A new study claims we should be less worried about GMOs because the sweet potato has been genetically engineered by nature herself
An article for arstechnica.com is headlined, “Genetically modified crops? Nature got there first: The sweet potato has been genetically engineered by bacteria”. Reviewing a new study published in PNAS, the article explains:
“One of the most frequently mentioned issues with GMO foods is a vague concern about bringing genes from distantly related organisms into plants. But an international team of biologists has now found that this has occurred naturally in a major crop plant: the sweet potato. The strains of this crop that we currently cultivate had a set of genes inserted into their genomes by bacteria — the same bacteria used to create many genetically modified plants.”

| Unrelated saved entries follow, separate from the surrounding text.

(* There is no kernel on $\mathbf{R}$ that is shiftable. That is, there is no function $\varphi:\mathbf{R}\to\mathbf{R}$ which is simultaneously (i) a kernel on the entire real line and (ii) shiftable on $\mathbf{R}$.
   Context: A function $\varphi:\mathbf{R}\to\mathbf{R}$ is called shiftable if there exist finitely many fixed functions $\varphi_1,\ldots,\varphi_N:\mathbf{R}\to\mathbf{R}$ such that for every $\tau\in\mathbf{R}$ there are coefficients $c_1(\tau),\ldots,c_N(\tau)\in\mathbf{R}$ with $\varphi(x-\tau)=c_1(\tau)\varphi_1(x)+\cdots+c_N(\tau)\varphi_N(x)$ for all $x\in\mathbf{R}$. A kernel is a smooth function $\varphi:\mathbf{R}\to\mathbf{R}$ that is symmetric ($\varphi(-x)=\varphi(x)$ for all $x$), non-negative ($\varphi(x)\ge 0$ for all $x$), and unimodal with peak at the origin, meaning $\varphi$ is strictly increasing on $(-\infty,0]$ and strictly decreasing on $[0,\infty)$. *)

From Stdlib Require Import Reals.
From Coquelicot Require Import Coquelicot.
Open Scope R_scope.

(* phi is C^infinity: every iterated derivative exists everywhere.
   Coquelicot's [ex_derive_n f (S n) x] says Derive_n f n is differentiable
   at x ([ex_derive_n f 0 x] is True). *)
Definition smooth (phi : R -> R) : Prop :=
  forall (n : nat) (x : R), ex_derive_n phi n x.

Definition is_kernel (phi : R -> R) : Prop :=
  smooth phi /\
  (forall x, phi (- x) = phi x) /\
  (forall x, 0 <= phi x) /\
  (forall x y, x < y -> y <= 0 -> phi x < phi y) /\
  (forall x y, 0 <= x -> x < y -> phi y < phi x).

Fixpoint fsum (N : nat) (f : nat -> R) : R :=
  match N with
  | O => 0
  | S n => fsum n f + f n
  end.

(* Shiftable: finitely many fixed functions phi_1..phi_N (here indexed by
   i = 0..N-1) such that every translate phi(. - tau) is a linear combination
   c_1(tau) phi_1 + ... + c_N(tau) phi_N. *)
Definition shiftable (phi : R -> R) : Prop :=
  exists (N : nat) (basis : nat -> R -> R),
    forall tau : R, exists c : nat -> R,
      forall x : R, phi (x - tau) = fsum N (fun i => c i * basis i x).

From Stdlib Require Import Reals Lra Lia Classical ClassicalEpsilon.
From Coquelicot Require Import Coquelicot.
Open Scope R_scope.

(* If [phi] is shiftable through [N] functions, the [N + 1] functions
   [g_k x = phi (x - k T) - phi (x - k T + 1)], [k = 0 .. N], lie in an
   [N]-dimensional space and so satisfy a nontrivial linear relation.  But a
   kernel is monotone and bounded on each half-line, so its unit drops
   [phi u - phi (u + 1)] tend to [0] as [|u| -> oo]; for [T] large the matrix
   [(g_k (j T))] is therefore diagonally dominant, with diagonal entries
   [phi 0 - phi 1 > 0], and admits no nontrivial relation. *)

Lemma fsum_ext M f g :
  (forall k, (k < M)%nat -> f k = g k) -> fsum M f = fsum M g.
Proof.
  induction M; simpl; intros H; auto.
  rewrite IHM by (intros; apply H; lia). rewrite H by lia. reflexivity.
Qed.

Lemma fsum_zero M f : (forall k, (k < M)%nat -> f k = 0) -> fsum M f = 0.
Proof.
  intros H. rewrite (fsum_ext M f (fun _ => 0)) by auto.
  induction M; simpl; [reflexivity | rewrite IHM; [ring | intros; apply H; lia]].
Qed.

Lemma fsum_add_scal M f g r :
  fsum M (fun k => f k + r * g k) = fsum M f + r * fsum M g.
Proof. induction M; simpl; [ring | rewrite IHM; ring]. Qed.

Lemma fsum_exchange M N a c b :
  fsum M (fun k => a k * fsum N (fun i => c k i * b i)) =
  fsum N (fun i => fsum M (fun k => a k * c k i) * b i).
Proof.
  induction M; simpl.
  - symmetry; apply fsum_zero; intros; ring.
  - rewrite IHM, <- fsum_add_scal.
    apply fsum_ext; intros; ring.
Qed.

Lemma fsum_indicator M j f v : (j < M)%nat ->
  fsum M (fun k => f k * (if Nat.eqb k j then v else 0)) = f j * v.
Proof.
  induction M; intros Hj; [lia|]. simpl.
  destruct (Nat.eqb_spec M j) as [->|Hne].
  - rewrite fsum_zero; [ring|].
    intros k Hk. destruct (Nat.eqb_spec k j); [lia|ring].
  - rewrite IHM by lia. ring.
Qed.

Lemma fsum_abs_le M f B : (forall k, (k < M)%nat -> Rabs (f k) <= B) ->
  Rabs (fsum M f) <= INR M * B.
Proof.
  induction M; intros H; simpl fsum.
  - rewrite Rabs_R0; simpl; lra.
  - rewrite S_INR.
    pose proof (IHM (fun k Hk => H k ltac:(lia))).
    pose proof (H M ltac:(lia)).
    pose proof (Rabs_triang (fsum M f) (f M)). lra.
Qed.

Lemma exists_abs_max M (a : nat -> R) : (0 < M)%nat ->
  exists j, (j < M)%nat /\ forall k, (k < M)%nat -> Rabs (a k) <= Rabs (a j).
Proof.
  induction M as [|[|M] IHM]; intros HM; [lia| |].
  - exists 0%nat; split; [lia|]. intros k Hk. replace k with 0%nat by lia. lra.
  - destruct IHM as [j [Hj Hmax]]; [lia|].
    destruct (Rle_dec (Rabs (a (S M))) (Rabs (a j))).
    + exists j; split; [lia|]. intros k Hk.
      destruct (Nat.eq_dec k (S M)) as [->|]; [auto | apply Hmax; lia].
    + exists (S M); split; [lia|]. intros k Hk.
      destruct (Nat.eq_dec k (S M)) as [->|]; [lra|].
      pose proof (Hmax k ltac:(lia)); lra.
Qed.

Definition skip (p k : nat) : nat := if Nat.ltb k p then k else S k.

Definition insert (p : nat) (v : R) (a : nat -> R) (k : nat) : R :=
  if Nat.eqb k p then v else if Nat.ltb k p then a k else a (pred k).

Lemma skip_lt p m k : (p <= m)%nat -> (k < m)%nat -> (skip p k < S m)%nat.
Proof. intros; unfold skip; destruct (Nat.ltb_spec k p); lia. Qed.

Lemma insert_skip p v a k : insert p v a (skip p k) = a k.
Proof.
  unfold insert, skip.
  destruct (Nat.ltb_spec k p).
  - destruct (Nat.eqb_spec k p); [lia|]. destruct (Nat.ltb_spec k p); [auto|lia].
  - destruct (Nat.eqb_spec (S k) p); [lia|]. destruct (Nat.ltb_spec (S k) p); [lia|auto].
Qed.

Lemma insert_at p v a : insert p v a p = v.
Proof. unfold insert; rewrite Nat.eqb_refl; reflexivity. Qed.

Lemma fsum_skip m p g : (p <= m)%nat ->
  fsum (S m) g = fsum m (fun k => g (skip p k)) + g p.
Proof.
  induction m as [|m IHm]; intros Hp.
  - replace p with 0%nat by lia; simpl; ring.
  - change (fsum (S (S m)) g) with (fsum (S m) g + g (S m)).
    destruct (Nat.eq_dec p (S m)) as [->|Hne].
    + f_equal. apply fsum_ext. intros k Hk. unfold skip.
      destruct (Nat.ltb_spec k (S m)); [auto | lia].
    + rewrite IHm by lia. simpl fsum.
      unfold skip at 3. destruct (Nat.ltb_spec m p); [lia|]. ring.
Qed.

(* Row [k] of the result is row [skip p k] of [c] minus the multiple of the
   pivot row [p] that clears column [n]. *)
Definition eliminate (c : nat -> nat -> R) (p n k i : nat) : R :=
  c (skip p k) i - c (skip p k) n / c p n * c p i.

Lemma eliminate_relation m N c p a : (p <= m)%nat -> c p N <> 0 ->
  (forall i, (i < N)%nat -> fsum m (fun k => a k * eliminate c p N k i) = 0) ->
  forall i, (i <= N)%nat ->
  fsum (S m) (fun k =>
    insert p (- fsum m (fun k => a k * c (skip p k) N) / c p N) a k * c k i) = 0.
Proof.
  intros Hp Hpiv Ha i Hi.
  set (s := fsum m (fun k => a k * c (skip p k) N)).
  rewrite (fsum_skip m p) by assumption.
  rewrite insert_at.
  rewrite (fsum_ext m _ (fun k => a k * c (skip p k) i))
    by (intros; rewrite insert_skip; reflexivity).
  destruct (Nat.eq_dec i N) as [->|Hne].
  - fold s. field. exact Hpiv.
  - specialize (Ha i ltac:(lia)).
    rewrite (fsum_ext m _ (fun k => a k * c (skip p k) i
                                   + (- (c p i / c p N)) * (a k * c (skip p k) N)))
      in Ha by (intros; unfold eliminate; field; exact Hpiv).
    rewrite fsum_add_scal in Ha. fold s in Ha.
    replace (- s / c p N * c p i) with (- (c p i / c p N) * s) by (field; exact Hpiv).
    exact Ha.
Qed.

Lemma rows_dependent N M (c : nat -> nat -> R) : (N < M)%nat ->
  exists a : nat -> R, (exists k, (k < M)%nat /\ a k <> 0) /\
    forall i, (i < N)%nat -> fsum M (fun k => a k * c k i) = 0.
Proof.
  revert M c; induction N as [|N IHN]; intros M c HNM.
  - exists (fun _ => 1). split; [exists 0%nat; split; [lia|lra] | intros; lia].
  - destruct (classic (forall k, (k < M)%nat -> c k N = 0)) as [Hzero|Hpivot].
    + destruct (IHN M c ltac:(lia)) as [a [Hnz Ha]].
      exists a; split; [exact Hnz|]. intros i Hi.
      destruct (Nat.eq_dec i N) as [->|].
      * apply fsum_zero. intros k Hk; rewrite Hzero by assumption; ring.
      * apply Ha; lia.
    + apply not_all_ex_not in Hpivot as [p Hp].
      apply imply_to_and in Hp as [Hp Hpiv].
      destruct M as [|m]; [lia|].
      destruct (IHN m (eliminate c p N) ltac:(lia)) as [a [[k0 [Hk0 Hak0]] Ha]].
      exists (insert p (- fsum m (fun k => a k * c (skip p k) N) / c p N) a); split.
      * exists (skip p k0). split; [apply skip_lt; lia|].
        rewrite insert_skip; exact Hak0.
      * intros i Hi. apply eliminate_relation; auto; lia.
Qed.

Definition in_span (N : nat) (b : nat -> R -> R) (f : R -> R) : Prop :=
  exists c : nat -> R, forall x, f x = fsum N (fun i => c i * b i x).

Lemma in_span_sub N b f g :
  in_span N b f -> in_span N b g -> in_span N b (fun x => f x - g x).
Proof.
  intros [cf Hf] [cg Hg]. exists (fun i => cf i + (-1) * cg i). intros x.
  rewrite Hf, Hg, <- (Rplus_0_r (fsum N _)).
  replace (fsum N (fun i => cf i * b i x) + 0 - fsum N (fun i => cg i * b i x))
    with (fsum N (fun i => cf i * b i x) + (-1) * fsum N (fun i => cg i * b i x))
    by ring.
  rewrite <- fsum_add_scal. apply fsum_ext; intros; ring.
Qed.

Lemma span_dependent N M b (f : nat -> R -> R) : (N < M)%nat ->
  (forall k, in_span N b (f k)) ->
  exists a : nat -> R, (exists k, (k < M)%nat /\ a k <> 0) /\
    forall x, fsum M (fun k => a k * f k x) = 0.
Proof.
  intros HNM Hspan.
  set (c k := proj1_sig (constructive_indefinite_description _ (Hspan k))).
  assert (Hc : forall k x, f k x = fsum N (fun i => c k i * b i x)).
  { intros k x. unfold c. destruct constructive_indefinite_description; auto. }
  destruct (rows_dependent N M c HNM) as [a [Hnz Ha]].
  exists a; split; [exact Hnz|]. intros x.
  rewrite (fsum_ext M _ (fun k => a k * fsum N (fun i => c k i * b i x)))
    by (intros; rewrite Hc; reflexivity).
  rewrite fsum_exchange. apply fsum_zero. intros i Hi. rewrite Ha by assumption. ring.
Qed.

Lemma diagonally_dominant_relation M (a e : nat -> R) j eps :
  0 <= eps -> (j < M)%nat -> (forall k, (k < M)%nat -> Rabs (a k) <= Rabs (a j)) ->
  (forall k, (k < M)%nat -> k <> j -> Rabs (e k) <= eps) ->
  INR M * eps < Rabs (e j) ->
  fsum M (fun k => a k * e k) = 0 -> a j = 0.
Proof.
  intros Heps Hj Hmax Hoff Hdiag Hrel.
  set (off k := e k - (if Nat.eqb k j then e j else 0)).
  assert (Hsplit : fsum M (fun k => a k * e k)
                   = fsum M (fun k => a k * off k) + 1 * (a j * e j)).
  { rewrite <- (fsum_indicator M j a (e j) Hj), <- fsum_add_scal.
    apply fsum_ext; intros; unfold off; ring. }
  assert (Hbound : Rabs (fsum M (fun k => a k * off k)) <= INR M * (Rabs (a j) * eps)).
  { apply fsum_abs_le. intros k Hk. rewrite Rabs_mult.
    apply Rmult_le_compat; try apply Rabs_pos; [auto|].
    unfold off. destruct (Nat.eqb_spec k j) as [->|Hne].
    - rewrite Rminus_diag, Rabs_R0. exact Heps.
    - rewrite Rminus_0_r. auto. }
  rewrite Hrel in Hsplit.
  replace (fsum M (fun k => a k * off k)) with (- (a j * e j)) in Hbound by lra.
  rewrite Rabs_Ropp, Rabs_mult in Hbound.
  destruct (Req_dec (a j) 0) as [|Hne]; [assumption|].
  pose proof (Rabs_pos_lt _ Hne). nra.
Qed.

Lemma INR_separated j k : j <> k -> 1 <= Rabs (INR j - INR k).
Proof.
  intros Hne. apply Nat.lt_gt_cases in Hne as [Hlt|Hlt].
  - pose proof (le_INR (S j) k Hlt) as H. rewrite S_INR in H.
    rewrite Rabs_left; lra.
  - pose proof (le_INR (S k) j Hlt) as H. rewrite S_INR in H.
    rewrite Rabs_pos_eq; lra.
Qed.

Section UnitDrops.

Variables (phi : R -> R) (m : R).
Hypothesis phi_ge : forall x, m <= phi x.
Hypothesis phi_nonincreasing : forall x y, 0 <= x -> x <= y -> phi y <= phi x.

(* Otherwise drops of size [eps] recur beyond every point, and [n] of them
   push [phi] below [phi 0 - n eps], eventually below [m]. *)
Lemma unit_drop_vanishes eps : 0 < eps ->
  exists T, 0 <= T /\ forall t, T <= t -> phi t - phi (t + 1) < eps.
Proof.
  intros Heps. apply NNPP. intros Hno.
  assert (Hrecur : forall T, 0 <= T ->
            exists t, T <= t /\ eps <= phi t - phi (t + 1)).
  { intros T HT. apply NNPP. intros Hn. apply Hno. exists T. split; [exact HT|].
    intros t Ht. apply Rnot_le_lt. intros Hle. apply Hn. exists t; auto. }
  assert (Hdescent : forall n : nat,
            exists t, 0 <= t /\ phi t <= phi 0 - INR n * eps).
  { induction n as [|n [t [Ht Hpt]]].
    - exists 0. simpl; lra.
    - destruct (Hrecur t Ht) as [t' [Ht' Hdrop]].
      pose proof (phi_nonincreasing t t' Ht Ht').
      exists (t' + 1). rewrite S_INR. split; lra. }
  destruct (INR_unbounded ((phi 0 - m) / eps)) as [n Hn].
  destruct (Hdescent n) as [t [_ Hpt]].
  pose proof (phi_ge t).
  apply Rmult_lt_compat_r with (r := eps) in Hn; [|exact Heps].
  unfold Rdiv in Hn. rewrite Rmult_assoc, Rinv_l in Hn by lra. lra.
Qed.

Hypothesis phi_even : forall x, phi (- x) = phi x.

Lemma even_unit_drop_vanishes eps : 0 < eps ->
  exists T, 0 <= T /\ forall u, T <= Rabs u -> Rabs (phi u - phi (u + 1)) < eps.
Proof.
  intros Heps. destruct (unit_drop_vanishes eps Heps) as [T0 [HT0 Hdrop]].
  exists (T0 + 1). split; [lra|]. intros u Hu.
  destruct (Rle_dec 0 u).
  - rewrite Rabs_pos_eq in Hu by assumption.
    pose proof (phi_nonincreasing u (u + 1) ltac:(lra) ltac:(lra)).
    pose proof (Hdrop u ltac:(lra)).
    rewrite Rabs_pos_eq; lra.
  - rewrite Rabs_left in Hu by lra.
    set (s := - u - 1).
    rewrite <- (phi_even u), <- (phi_even (u + 1)).
    replace (- u) with (s + 1) by (unfold s; ring).
    replace (- (u + 1)) with s by (unfold s; ring).
    pose proof (phi_nonincreasing s (s + 1) ltac:(unfold s; lra) ltac:(lra)).
    pose proof (Hdrop s ltac:(unfold s; lra)).
    rewrite Rabs_left1; lra.
Qed.

Definition drop_translate (T : R) (k : nat) (x : R) : R :=
  phi (x - INR k * T) - phi (x - (INR k * T - 1)).

Hypothesis phi_drops : phi 1 < phi 0.

Lemma drop_translates_independent M : exists T,
  forall a : nat -> R, (forall x, fsum M (fun k => a k * drop_translate T k x) = 0) ->
  forall k, (k < M)%nat -> a k = 0.
Proof.
  set (delta := phi 0 - phi 1).
  set (eps := delta / (2 * (INR M + 1))).
  assert (Heps : 0 < eps).
  { unfold eps, delta. pose proof (pos_INR M).
    apply Rdiv_lt_0_compat; lra. }
  destruct (even_unit_drop_vanishes eps Heps) as [T [HT Hsmall]].
  exists T. intros a Hrel k0 Hk0.
  destruct (exists_abs_max M a ltac:(lia)) as [j [Hj Hmax]].
  assert (Haj : a j = 0).
  { apply (diagonally_dominant_relation M a (fun k => drop_translate T k (INR j * T))
             j eps); [lra | exact Hj | exact Hmax | | | apply Hrel].
    - intros k Hk Hkj. unfold drop_translate.
      set (u := INR j * T - INR k * T).
      replace (INR j * T - (INR k * T - 1)) with (u + 1) by (unfold u; ring).
      left. apply Hsmall. unfold u.
      rewrite <- Rmult_minus_distr_r, Rabs_mult, (Rabs_pos_eq T HT).
      pose proof (INR_separated j k ltac:(lia)). nra.
    - unfold drop_translate.
      replace (INR j * T - INR j * T) with 0 by ring.
      replace (INR j * T - (INR j * T - 1)) with 1 by ring.
      fold delta. rewrite Rabs_pos_eq by (unfold delta; lra).
      unfold eps. pose proof (pos_INR M).
      apply (Rmult_lt_reg_r (2 * (INR M + 1))); [lra|].
      field_simplify; [|lra]. unfold delta in *; nra. }
  pose proof (Hmax k0 Hk0). rewrite Haj, Rabs_R0 in *.
  destruct (Req_dec (a k0) 0) as [|Hne]; [assumption|].
  pose proof (Rabs_pos_lt _ Hne). lra.
Qed.

End UnitDrops.

Theorem mainTheorem1 : ~ (exists phi : R -> R, is_kernel phi /\ shiftable phi).
Proof.
  intros [phi [[_ [Heven [Hnonneg [_ Hdec]]]] [N [b Hspan]]]].
  assert (Hnonincr : forall x y, 0 <= x -> x <= y -> phi y <= phi x).
  { intros x y Hx Hxy. destruct (Req_dec x y) as [->|]; [lra|].
    left; apply Hdec; lra. }
  destruct (drop_translates_independent phi 0 Hnonneg Hnonincr Heven
              ltac:(apply Hdec; lra) (S N)) as [T Hindep].
  destruct (span_dependent N (S N) b (drop_translate phi T) ltac:(lia))
    as [a [[k [Hk Hak]] Hrel]].
  - intros k. apply in_span_sub; apply Hspan.
  - exact (Hak (Hindep a Hrel k Hk)).
Qed.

NPR joins in with the hype: “The first genetically modified crop wasn't made by a megacorporation. Or a college scientist trying to design a more durable tomato. Nope. Nature did it — at least 8,000 years ago. Well, actually bacteria in the soil were the engineers. And the microbe's handiwork is present in sweet potatoes all around the world today.”
The bacterium in question is Agrobacterium. In genetic engineering, this same bacterium is used to ferry the GM gene (transgene) into the host plant. The study shows that the Agrobacterium genes got into the sweet potato by natural horizontal gene transfer (HGT). HGT means that genes are transferred by a method other than sexual reproduction (sometimes called vertical gene transfer).
The authors of the study express a hope in their published paper that "Our finding, that sweet potato is naturally transgenic while being a widely and traditionally consumed food crop, could affect the current consumer distrust of the safety of transgenic food crops” and “influence the public’s current perception that transgenic crops are ‘unnatural’”.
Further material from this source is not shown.